Material for the task:
Lemma subleading_coef_conj_poly p a b k m : a != 0 -> size p = m.+2 -> (0 < m)%N ->
  (conj_poly p a b k)`_m = (a * p`_m - m.+1%:R * p`_m.+1 * b) / a ^+ m.
Proof.
move=> a0 sp m0; rewrite coefD coefZ coefC (gtn_eqF m0) addr0.
by rewrite subleading_coef_comp_affine // exprSr !exprVn; field; rewrite expf_neq0 ?a0.
Qed.

Lemma horner_conj_poly_reflect p a b k eta y : a != 0 -> 2 * b + a * eta = 0 ->
  (conj_poly p a b k).[- y] = a * p.[eta - (y - b) / a] + k.
Proof.
move=> a0 shift; rewrite horner_conj_poly; congr (_ * p.[_] + _).
have etaE : eta = - (2 * b) / a.
  by apply: (mulIf a0); rewrite divfK // mulrC; apply/eqP; rewrite -addr_eq0 addrC shift.
by rewrite etaE; field.
Qed.

End ConjPoly.

Lemma poly_eq_horner (R : numDomainType) (p q : {poly R}) :
  (forall x, p.[x] = q.[x]) -> p = q.
Proof.
move=> pq; apply/eqP; rewrite -subr_eq0; apply/eqP.
apply: (@roots_geq_poly_eq0 _ _ [seq i%:R | i <- iota 0 (size (p - q))]).
- by apply/allP => x _; rewrite /root hornerD hornerN pq subrr.
- by rewrite map_inj_uniq ?iota_uniq // => i j /eqP; rewrite eqr_nat => /eqP.
- by rewrite size_map size_iota.
Qed.

Section Centralizer.
Variable R : realType.
Implicit Types (a b : R[i]) (z : R[i] * R[i]) (f g h : R[i] * R[i] -> R[i] * R[i]).

Lemma cst_invE a b z : a != 0 -> cst_inv a b z = cst a^-1 (- (b / a)) z.
Proof. by move=> a0; case: z => x y; rewrite /cst /cst_inv /=; congr (_, _); field. Qed.

Lemma cstE a b z : a != 0 -> cst a b z = cst_inv a^-1 (- (b / a)) z.
Proof.
by move=> a0; case: z => x y; rewrite /cst /cst_inv /=; congr (_, _); field; rewrite a0.
Qed.

Lemma cstK a b : a != 0 -> cancel (cst a b) (cst_inv a b).
Proof. by move=> a0 [x y]; rewrite /cst /cst_inv /=; congr (_, _); field. Qed.

Lemma cst_comp a b a' b' z : cst a' b' (cst a b z) = cst (a' * a) (a' * b + b') z.
Proof. by case: z => x y; rewrite /cst /=; congr (_, _); ring. Qed.

Lemma cst_inv_comp a b a' b' z : a != 0 -> a' != 0 ->
  cst_inv a b (cst_inv a' b' z) = cst_inv (a' * a) (a' * b + b') z.
Proof.
by move=> a0 a'0; case: z => x y; rewrite /cst_inv /=; congr (_, _); field; rewrite a0 a'0.
Qed.

Lemma CS_conj_sym f g : CS_conj f g -> CS_conj g f.
Proof.
move=> [a [b [a0 fg]]]; exists a^-1, (- (b / a)); split; first by rewrite invr_eq0.
by move=> z; rewrite -cst_invE // -cstE // fg !cstK.
Qed.

Lemma CS_conj_trans f g h : CS_conj f g -> CS_conj g h -> CS_conj f h.
Proof.
move=> [a [b [a0 fg]]] [a' [b' [a'0 gh]]]; exists (a' * a), (a' * b + b').
by split=> [|z]; rewrite ?mulf_neq0 // gh fg cst_comp cst_inv_comp.
Qed.

End Centralizer.

Section Elementary.
Variable R : realType.
Local Notation C := R[i].
Implicit Types (al be eta : C) (p q : {poly C}).

Lemma elem_involutiveP al be eta p :
  (forall z, elem al p be eta (elem al p be eta z) = z) <->
  [/\ al ^+ 2 = 1, be ^+ 2 = 1, (be + 1) * eta = 0 &
      forall y, al * p.[y] + p.[be * y + eta] = 0].
Proof.
split=> [inv | [al2 be2 eta0 hp] [x y]]; last first.
  rewrite /elem /=; congr (_, _).
    by rewrite mulrDr mulrA -expr2 al2 mul1r -addrA hp addr0.
  by transitivity (be ^+ 2 * y + (be + 1) * eta); [ring | rewrite be2 eta0 mul1r addr0].
have inv1 x y : al * (al * x + p.[y]) + p.[be * y + eta] = x.
  exact: (congr1 fst (inv (x, y))).
have inv2 y : be * (be * y + eta) + eta = y by exact: (congr1 snd (inv (0, y))).
split=> [||| y].
- transitivity ((al * (al * 1 + p.[0]) + p.[be * 0 + eta]) -
                (al * (al * 0 + p.[0]) + p.[be * 0 + eta])); first ring.
  by rewrite !inv1 subr0.
- transitivity ((be * (be * 1 + eta) + eta) - (be * (be * 0 + eta) + eta)); first ring.
  by rewrite !inv2 subr0.
- by transitivity (be * (be * 0 + eta) + eta); [ring | exact: inv2].
- by transitivity (al * (al * 0 + p.[y]) + p.[be * y + eta]); [ring | exact: inv1].
Qed.

Lemma involutive_elem_classes al be eta p :
  (forall z, elem al p be eta (elem al p be eta z) = z) ->
  ~ (forall z, elem al p be eta z = z) ->
  in_class Cl1 al p be eta \/ in_class Cl2 al p be eta \/ in_class Cl3 al p be eta.
Proof.
move=> /elem_involutiveP [al2 be2 eta0 hp] not_id.
have double_eq0 (x : C) : x + x = 0 -> x = 0.
  by rewrite -mulr2n => /eqP; rewrite mulrn_eq0 => /eqP.
have hp_refl y : be = -1 -> p.[eta - y] = - (al * p.[y]).
  move=> beN; have := hp y; rewrite beN mulN1r addrC => /eqP.
  by rewrite addr_eq0 [- y + _]addrC => /eqP.
have [alE|alE] : al = 1 \/ al = -1 by apply/pred2P; rewrite -sqrf_eq1 al2.
all: have [beE|beE] : be = 1 \/ be = -1 by apply/pred2P; rewrite -sqrf_eq1 be2.
- have etaE : eta = 0 by apply: double_eq0; rewrite -eta0 beE mulrDl mul1r.
  case: not_id => -[x y]; rewrite /elem alE beE etaE /= !mul1r addr0.
  have := hp y; rewrite alE beE etaE !mul1r addr0 => /double_eq0 ->.
  by rewrite addr0.
- by right; left; do 2!split=> //; move=> y; rewrite hp_refl // alE mul1r.
- by left; do 2!split=> //; apply: double_eq0; rewrite -eta0 beE mulrDl mul1r.
- by right; right; do 2!split=> //; move=> y; rewrite hp_refl // alE mulN1r opprK.
Qed.

Lemma in_class_involutive c al be eta p :
  in_class c al p be eta -> forall z, elem al p be eta (elem al p be eta z) = z.
Proof.
case: c => [[-> [-> ->]]|[-> [-> hp]]|[-> [-> hp]]]; apply/elem_involutiveP.
- by split=> [|||y]; rewrite ?mulr0 ?sqrrN ?expr1n // mul1r addr0 mulN1r addNr.
- split=> [|||y]; rewrite ?sqrrN ?expr1n ?addNr ?mul0r //.
  by rewrite mulN1r [- y + _]addrC hp mul1r addrN.
- split=> [|||y]; rewrite ?sqrrN ?expr1n ?addNr ?mul0r //.
  by rewrite !mulN1r [- y + _]addrC hp addNr.
Qed.
Lemma lie_comm_shift T m n t t' : T t -> T t' ->
  lie_comm br fullset T (symbr (m + t) (n + t') - symbr m n).
Proof.
move=> Tt Tt'; rewrite (is_linearD (is_linear_symbrl _)) (is_linearD (is_linear_symbrr m)).
rewrite -(addrA (symbr m n)) (addrC (symbr m n)) addrK.
by apply: subspaceD; [exact: lie_comm_subspace | exact: lie_comm_mem | exact: lie_comm_memC].
Qed.

End LeibnizAlgebra.

Section Homomorphism.
Variables (K : fieldType) (V W : lmodType K) (brV : V -> V -> V) (brW : W -> W -> W).
Variables (f : V -> W) (Hf : is_hom brV brW f).

Lemma hom_symbr x y : f (symbr brV x y) = symbr brW (f x) (f y).
Proof. by rewrite /symbr (is_linearD Hf.1) !Hf.2. Qed.

Lemma lie_comm_hom M N (M' N' : W -> Prop) :
  (forall x, M x -> M' (f x)) -> (forall x, N x -> N' (f x)) ->
  forall x, lie_comm brV M N x -> lie_comm brW M' N' (f x).
Proof.
move=> MM' NN'; apply: span_min.
  exact: (subspace_preimage Hf.1 (lie_comm_subspace _ _ _)).
by move=> _ [m [n [Mm [Nn ->]]]]; rewrite hom_symbr; apply: lie_comm_mem; auto.
Qed.

Lemma lie_comm_hom_lift M N (M' N' : W -> Prop) :
  (forall y, M' y -> exists x, M x /\ f x = y) ->
  (forall y, N' y -> exists x, N x /\ f x = y) ->
  forall y, lie_comm brW M' N' y -> exists x, lie_comm brV M N x /\ f x = y.
Proof.
move=> MM' NN'; apply: span_min; first exact: (subspace_image Hf.1 (lie_comm_subspace _ _ _)).
move=> _ [m' [n' [/MM' [m [Mm <-]] [/NN' [n [Nn <-]] ->]]]].
by exists (symbr brV m n); rewrite hom_symbr; split=> //; apply: lie_comm_mem.
Qed.

Lemma ker_hom_ideal : is_leibniz brW -> is_ideal brV (fun x => f x = 0).
Proof.
move=> HW; split=> [|x m fm]; first exact: subspace_ker Hf.1.
rewrite !Hf.2 fm; split; first exact: is_linear0 (is_linear_brr HW _).
exact: is_linear0 (is_linear_brl HW _).
Qed.

End Homomorphism.

Lemma hom_comp (K : fieldType) (U V W : lmodType K) (brU : U -> U -> U) (brV : V -> V -> V)
  (brW : W -> W -> W) (f : U -> V) (g : V -> W) :
  is_hom brU brV f -> is_hom brV brW g -> is_hom brU brW (fun x => g (f x)).
Proof. by move=> [fl fb] [gl gb]; split=> [a x y|x y]; rewrite ?fl ?gl ?fb ?gb. Qed.

Lemma lie_comm_hom_congr (K : fieldType) (V : lmodType K) (br : V -> V -> V) (T : V -> Prop)
  (h : V -> V) :
  is_leibniz br -> is_hom br br h -> (forall x, T (h x - x)) ->
  forall x, lie_comm br fullset fullset x -> lie_comm br fullset T (h x - x).
Proof.
move=> HL Hh hT; apply: span_min.
  apply: (subspace_preimage (f := fun x => h x - x)); last exact: lie_comm_subspace.
  by move=> a x y; rewrite Hh.1 opprD addrACA -scalerBr.
move=> _ [m [n [_ [_ ->]]]]; rewrite (hom_symbr Hh).
by have := lie_comm_shift HL m n (hT m) (hT n); rewrite !subrKC.
Qed.

Lemma free_lift (K : fieldType) (F W Q : lmodType K) (brF : F -> F -> F) (brW : W -> W -> W)
  (brQ : Q -> Q -> Q) (p : W -> Q) (g : F -> Q) :
  is_free_leibniz brF -> is_leibniz brW -> is_leibniz brQ ->
  is_hom brW brQ p -> (forall q, exists w, p w = q) -> is_hom brF brQ g ->
  exists a : F -> W, is_hom brF brW a /\ forall x, p (a x) = g x.
Proof.
move=> [_ [X [i univ]]] HW HQ Hp p_onto Hg.
have [phi Hphi] := functional_choice _ (fun x => p_onto (g (i x))).
have [[a [Ha ai]] _] := univ W brW HW phi; exists a; split=> //.
have [_ uniq] := univ Q brQ HQ (fun x => g (i x)).
by apply: uniq => // [|x]; [exact: hom_comp Ha Hp | rewrite ai Hphi].
Qed.

Lemma lie_comm_fin_span (K : fieldType) (F : lmodType K) (G : vectType K)
  (brF : F -> F -> F) (brG : G -> G -> G) (rho : F -> G) :
  is_leibniz brF -> is_hom brF brG rho -> (forall y, exists x, rho x = y) ->
  exists k (x : 'I_k -> F), forall u, lie_comm brF fullset fullset u ->
    span_mod (lie_comm brF fullset (fun x => rho x = 0)) x u.
Proof.
move=> HL Hrho rho_onto.
pose n := \dim (fullv : {vspace G}); pose bv := vbasis (fullv : {vspace G}).
have [e rho_e] := functional_choice _ (fun i : 'I_n => rho_onto bv`_i).
pose co a i := coord bv i (rho a).
pose g a := \sum_(i < n) co a i *: e i.
have rho_co a : rho (a - g a) = 0.
  rewrite (is_linearB Hrho.1) (is_linear_comb Hrho.1).
  by under eq_bigr do rewrite rho_e; rewrite -coord_vbasis ?subrr // memvf.
exists #|{: 'I_n * 'I_n}|, (fun t => symbr brF (e (enum_val t).1) (e (enum_val t).2)).
apply: span_min; first exact/span_mod_subspace/lie_comm_subspace.
move=> _ [a [b [_ [_ ->]]]].
exists (fun t => co a (enum_val t).1 * co b (enum_val t).2).
pose F2 i j := (co a i * co b j) *: symbr brF (e i) (e j).
rewrite -(big_enum_val (A := predT) (fun p => F2 p.1 p.2)) (eq_bigl xpredT) //=.
rewrite -(pair_bigA _ F2) -symbr_comb //.
have := lie_comm_shift HL (T := fun x => rho x = 0) (g a) (g b) (rho_co a) (rho_co b).
by rewrite !subrKC.
Qed.

Lemma schur_lie_dim_presentation (K : fieldType) (F1 F2 Q : lmodType K)
  (br1 : F1 -> F1 -> F1) (br2 : F2 -> F2 -> F2) (brQ : Q -> Q -> Q)
  (rho1 : F1 -> Q) (rho2 : F2 -> Q) :
  is_free_leibniz br1 -> is_free_leibniz br2 -> is_leibniz brQ ->
  is_hom br1 brQ rho1 -> (forall q, exists x, rho1 x = q) ->
  is_hom br2 brQ rho2 -> (forall q, exists x, rho2 x = q) ->
  forall d, schur_lie_dim br1 (fun x => rho1 x = 0) d <->
            schur_lie_dim br2 (fun x => rho2 x = 0) d.
Proof.
move=> HF1 HF2 HQ Hrho1 rho1_onto Hrho2 rho2_onto.
have [al [Hal rho_al]] := free_lift HF1 HF2.1 HQ Hrho2 rho2_onto Hrho1.
have [be [Hbe rho_be]] := free_lift HF2 HF1.1 HQ Hrho1 rho1_onto Hrho2.
pose r1 x := rho1 x = 0; pose r2 x := rho2 x = 0.
have be_al_r1 x : r1 (be (al x) - x) by rewrite /r1 (is_linearB Hrho1.1) rho_be rho_al subrr.
have al_be_r2 x : r2 (al (be x) - x) by rewrite /r2 (is_linearB Hrho2.1) rho_al rho_be subrr.
have be_al_fr1 := lie_comm_hom_congr HF1.1 (hom_comp Hal Hbe) be_al_r1.
have al_be_fr2 := lie_comm_hom_congr HF2.1 (hom_comp Hbe Hal) al_be_r2.
apply: (has_qdim_iso Hal.1).
- exact: subspace_meet (subspace_ker Hrho1.1) (lie_comm_subspace _ _ _).
- exact: lie_comm_subspace.
- move=> u [r1u ffu]; split; first by rewrite /r2 rho_al.
  exact: (lie_comm_hom Hal _ _ ffu).
- move=> u [r2u ffu]; exists (be u); split.
    by split; [rewrite /r1 rho_be | exact: (lie_comm_hom Hbe _ _ ffu)].
  by rewrite -opprB; apply: (subspaceN (lie_comm_subspace _ _ _)); exact: al_be_fr2.
- move=> u [r1u ffu]; split=> [fr2u | fr1u]; last first.
    by apply: (lie_comm_hom Hal _ _ fr1u) => // x; rewrite /r2 rho_al.
  have fr1u' : lie_comm br1 fullset r1 (be (al u)).
    by apply: (lie_comm_hom Hbe _ _ fr2u) => // x; rewrite /r1 rho_be.
  rewrite -(subKr (be (al u)) u).
  exact: (subspaceB (lie_comm_subspace _ _ _) fr1u' (be_al_fr1 _ ffu)).
Qed.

Work item:
What is needed is a verbatim copy of every line in the records above from the one containing "is_hom brW brQ" down to the one containing "(e (enum_val t).2)).", both included, and nothing more.

Exercise response:
  is_hom brW brQ p -> (forall q, exists w, p w = q) -> is_hom brF brQ g ->
  exists a : F -> W, is_hom brF brW a /\ forall x, p (a x) = g x.
Proof.
move=> [_ [X [i univ]]] HW HQ Hp p_onto Hg.
have [phi Hphi] := functional_choice _ (fun x => p_onto (g (i x))).
have [[a [Ha ai]] _] := univ W brW HW phi; exists a; split=> //.
have [_ uniq] := univ Q brQ HQ (fun x => g (i x)).
by apply: uniq => // [|x]; [exact: hom_comp Ha Hp | rewrite ai Hphi].
Qed.

Lemma lie_comm_fin_span (K : fieldType) (F : lmodType K) (G : vectType K)
  (brF : F -> F -> F) (brG : G -> G -> G) (rho : F -> G) :
  is_leibniz brF -> is_hom brF brG rho -> (forall y, exists x, rho x = y) ->
  exists k (x : 'I_k -> F), forall u, lie_comm brF fullset fullset u ->
    span_mod (lie_comm brF fullset (fun x => rho x = 0)) x u.
Proof.
move=> HL Hrho rho_onto.
pose n := \dim (fullv : {vspace G}); pose bv := vbasis (fullv : {vspace G}).
have [e rho_e] := functional_choice _ (fun i : 'I_n => rho_onto bv`_i).
pose co a i := coord bv i (rho a).
pose g a := \sum_(i < n) co a i *: e i.
have rho_co a : rho (a - g a) = 0.
  rewrite (is_linearB Hrho.1) (is_linear_comb Hrho.1).
  by under eq_bigr do rewrite rho_e; rewrite -coord_vbasis ?subrr // memvf.
exists #|{: 'I_n * 'I_n}|, (fun t => symbr brF (e (enum_val t).1) (e (enum_val t).2)).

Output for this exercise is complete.